Tomorrow should see the completion of the painting. Then comes the final important decision as to what the title will be. I have two in mind, quite different from each other. Should any readers feel moved to prefer one above the other, then your comments may contribute to the outcome. The two titles are:

Annunciation with Sunflowers

… and Plummet.

Your views will be most welcome. So will any suggestions alternative to my own. (Might this be turning into a competition?)

annunciation diary days eleven and twelve: sunflowers

Gradually the Annunciation garden takes shape. I started planning sunflowers for this painting when I was working on the earlier Kevin and the Sunflowers. (We had one giant sunflower appear in the garden here last year, the result of an escaped seed from the bird feeders I would hazard. All the drawings done in preparation for the two paintings were made throughout the life stages of that single specimen.) By clicking on the image you get a higher resolution version, and clicking on that will give you a highly detailed close-up. The heart of the flower at bottom right is achieved using a technique of sgraffito, scratching through the top layer of paint when dry to reveal under-painting. A different quality can be achieved by scratching through the top layer of paint while still wet.

annunciation diary day ten: dressing the virgin

Her clothes are only partially painted in and require much more work before I’ll be happy. The idea is that she’s risen from her bed early in the morning and pulled the coverlet around her before stepping outside. A dense enclosure of interlacing branches rears up to make this a private garden. But no matter how high a wall of leaves may be, it can’t keep out what has come plummeting from above.
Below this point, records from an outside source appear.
(* Let $A$ be a finite alphabet with $|A|\ge2$. If $Z\subseteq A^+$ is a finite code of standard form and $|Z|$ is a prime number, then $Z$ is not an alt-induced code.
   Context: $A^+$ is the set of non-empty words over $A$; $|S|$ denotes cardinality. A code is a subset of $A^+$ in which every word has at most one factorization into its elements. A finite code $Z$ over $A$ is of standard form if every word of $Z$ has length at least $2$, it is not the case that all words of $Z$ begin with the same letter, and it is not the case that all words of $Z$ end with the same letter. For non-empty $X,Y\subseteq A^+$, $(X,Y)$ is an alternative code if $XY=\{xy:x\in X,y\in Y\}$ is a code and each element of $XY$ has exactly one factorization $xy$ with $x\in X,y\in Y$ (equivalently, no word admits two different similar alternative factorizations on $(X,Y)$). $Z$ is an alt-induced code if $Z=XY$ for some alternative code $(X,Y)$. *)

From mathcomp Require Import all_boot.
Set Implicit Arguments. Unset Strict Implicit. Unset Printing Implicit Defensive.

Definition lang (A : Type) := seq A -> Prop.

Definition in_Aplus (A : Type) (L : lang A) : Prop :=
  forall w, L w -> w <> [::].

Definition is_code (A : eqType) (L : lang A) : Prop :=
  in_Aplus L /\
  forall l1 l2 : seq (seq A),
    (forall u, u \in l1 -> L u) -> (forall u, u \in l2 -> L u) ->
    flatten l1 = flatten l2 -> l1 = l2.

Definition lang_prod (A : Type) (X Y : lang A) : lang A :=
  fun w => exists x y, X x /\ Y y /\ w = x ++ y.

Definition alternative_code (A : eqType) (X Y : lang A) : Prop :=
  (exists x, X x) /\ (exists y, Y y) /\ in_Aplus X /\ in_Aplus Y /\
  is_code (lang_prod X Y) /\
  (forall x1 y1 x2 y2, X x1 -> Y y1 -> X x2 -> Y y2 ->
     x1 ++ y1 = x2 ++ y2 -> x1 = x2 /\ y1 = y2).

Definition alt_induced (A : eqType) (Z : lang A) : Prop :=
  exists X Y : lang A, alternative_code X Y /\
    forall w, Z w <-> lang_prod X Y w.

(* A finite set of words is given as a duplicate-free list; its cardinality is
   its size. Standard form: *)
Definition standard_form (A : eqType) (Z : seq (seq A)) : Prop :=
  (forall w, w \in Z -> 2 <= size w) /\
  ~ (exists a : A, forall w, w \in Z -> ohead w = Some a) /\
  ~ (exists a : A, forall w, w \in Z -> ohead (rev w) = Some a).

(* If (X, Y) is an alternative code with XY = Z finite, the map (x, y) |-> xy
   is a bijection X * Y -> Z, so |Z| = |X| |Y|.  When |Z| is prime, X or Y is a
   single word w; since w is non-empty, every word of Z then begins (resp. ends)
   with the first (resp. last) letter of w, against standard form. *)
From mathcomp Require Import all_boot.
From Stdlib Require Import ClassicalEpsilon.

Set Implicit Arguments.
Unset Strict Implicit.
Unset Printing Implicit Defensive.

Definition decb (P : Prop) : bool :=
  if excluded_middle_informative P then true else false.

Lemma decbP (P : Prop) : reflect P (decb P).
Proof. by rewrite /decb; case: excluded_middle_informative => h; constructor. Qed.

Section Enumeration.

Variable T : eqType.

Lemma enum_sub_pred (P : T -> Prop) (s : seq T) :
  (forall x, P x -> x \in s) -> exists2 e : seq T, uniq e & forall x, x \in e <-> P x.
Proof.
move=> Ps; exists (undup (filter (fun x => decb (P x)) s)); first exact: undup_uniq.
move=> x; rewrite mem_undup mem_filter.
by split=> [/andP[/decbP] | Px] //; rewrite Ps // andbT; apply/decbP.
Qed.

End Enumeration.

Section Factors.

Variable A : eqType.
Implicit Types (x y z : seq A) (Z : seq (seq A)).

Definition prefixes Z := [seq take i z | z <- Z, i <- iota 0 (size z).+1].
Definition suffixes Z := [seq drop i z | z <- Z, i <- iota 0 (size z).+1].

Lemma mem_prefixes x y Z : x ++ y \in Z -> x \in prefixes Z.
Proof.
move=> xyZ; apply/allpairsPdep; exists (x ++ y), (size x).
by rewrite xyZ take_size_cat // mem_iota size_cat ltnS leq_addr.
Qed.

Lemma mem_suffixes x y Z : x ++ y \in Z -> y \in suffixes Z.
Proof.
move=> xyZ; apply/allpairsPdep; exists (x ++ y), (size x).
by rewrite xyZ drop_size_cat // mem_iota size_cat ltnS leq_addr.
Qed.

Lemma enum_lang_prod Z (X Y : lang A) :
  (exists x, X x) -> (exists y, Y y) -> (forall w, w \in Z <-> lang_prod X Y w) ->
  exists SX SY : seq (seq A),
    [/\ uniq SX, uniq SY, forall x, x \in SX <-> X x, forall y, y \in SY <-> Y y
       & Z =i [seq x ++ y | x <- SX, y <- SY]].
Proof.
move=> [x0 Xx0] [y0 Yy0] eqZ.
have [SX uSX SXP] : exists2 SX, uniq SX & forall x, x \in SX <-> X x.
  apply: (enum_sub_pred (s := prefixes Z)) => x Xx.
  by apply/(@mem_prefixes x y0)/eqZ; exists x, y0.
have [SY uSY SYP] : exists2 SY, uniq SY & forall y, y \in SY <-> Y y.
  apply: (enum_sub_pred (s := suffixes Z)) => y Yy.
  by apply/(@mem_suffixes x0 y)/eqZ; exists x0, y.
exists SX, SY; split=> // z; apply/idP/allpairsP.
  by case/eqZ=> x [y [Xx [Yy ->]]]; exists (x, y); split=> //; [apply/SXP | apply/SYP].
by case=> -[x y] [/= /SXP Xx /SYP Yy ->]; apply/eqZ; exists x, y.
Qed.

Lemma size_unique_factorization Z (SX SY : seq (seq A)) :
  uniq Z -> uniq SX -> uniq SY ->
  (forall x1 y1 x2 y2, x1 \in SX -> y1 \in SY -> x2 \in SX -> y2 \in SY ->
     x1 ++ y1 = x2 ++ y2 -> x1 = x2 /\ y1 = y2) ->
  Z =i [seq x ++ y | x <- SX, y <- SY] ->
  size Z = size SX * size SY.
Proof.
move=> uZ uSX uSY fact eqZ; rewrite -(size_allpairs cat); apply/perm_size/uniq_perm => //.
apply: allpairs_uniq => // -[x1 y1] [x2 y2].
move=> /allpairsP[[? ?] [/= X1 Y1 [-> ->]]] /allpairsP[[? ?] [/= X2 Y2 [-> ->]]] /=.
by move=> /fact[] // -> ->.
Qed.

Lemma common_head_of_left_factor Z x (SY : seq (seq A)) :
  x != [::] -> {subset Z <= [seq x' ++ y | x' <- [:: x], y <- SY]} ->
  exists a, forall z, z \in Z -> ohead z = Some a.
Proof.
case: x => // a x _ sub; exists a => z /sub.
by rewrite /= cats0 => /mapP[y _ ->].
Qed.

Lemma common_last_of_right_factor Z y (SX : seq (seq A)) :
  y != [::] -> {subset Z <= [seq x ++ y' | x <- SX, y' <- [:: y]]} ->
  exists b, forall z, z \in Z -> ohead (rev z) = Some b.
Proof.
case/lastP: y => // y b _ sub; exists b => z /sub/allpairsP[[x y'] [/= _]].
by rewrite inE => /eqP -> ->; rewrite rev_cat rev_rcons.
Qed.

End Factors.

Theorem corollaryC (A : finType) (Z : seq (seq A)) :
  2 <= #|A| ->
  uniq Z ->
  is_code (fun w => w \in Z) ->
  standard_form Z ->
  prime (size Z) ->
  ~ alt_induced (fun w => w \in Z).
Proof.
move=> _ uZ _ [_ [no_head no_last]] pZ [X [Y [[neX [neY [nX [nY [_ fact]]]]] eqZ]]].
have [SX [SY [uSX uSY SXP SYP eqZ']]] := enum_lang_prod neX neY eqZ.
have szZ : size Z = size SX * size SY.
  by apply: size_unique_factorization => // ? ? ? ? /SXP ? /SYP ? /SXP ? /SYP ?; apply: fact.
have /(primeP pZ).2 : size SX %| size Z by rewrite szZ dvdn_mulr.
case/orP=> /eqP szSX.
- case: SX szSX SXP eqZ' {uSX szZ} => [|x [|]] // _ SXP eqZ'; apply: no_head.
  have /nX/eqP nx : X x by apply/SXP; rewrite inE.
  by apply: (common_head_of_left_factor (SY := SY) nx) => z; rewrite eqZ'.
- have szSY : size SY = 1.
    by apply/eqP; rewrite -(eqn_pmul2l (prime_gt0 pZ)) muln1 -{1}szSX -szZ.
  case: SY szSY SYP eqZ' {uSY szZ szSX} => [|y [|]] // _ SYP eqZ'; apply: no_last.
  have /nY/eqP ny : Y y by apply/SYP; rewrite inE.
  by apply: (common_last_of_right_factor (SX := SX) ny) => z; rewrite eqZ'.
Qed.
At every stage adjustments have to be made. I may yet soften the massed patterning of leaves and branches. Perhaps I’ll put a few grazing sheep on the distant hills rising to the upper edge of the painting, and some low mounds of rock plants in the mid-ground just behind her spread mantle. The painting evolves and becomes dense with shape and patterning, darkness and light, colour and tone. It’s a balancing act.

There remains much be done. I haven’t even started the sunflowers that it’s always been my intention to bank around her. And the question remains whether to embroider the mantle/coverlet with birds and plants, modelled on a beautiful Indian marriage quilt given to us by our friend William Gibbs.

The clock ticks. I have another week to finish this.  Then four or five days to complete Tobias and the Angel. No panic yet. Everything seems to be moving along the way it should.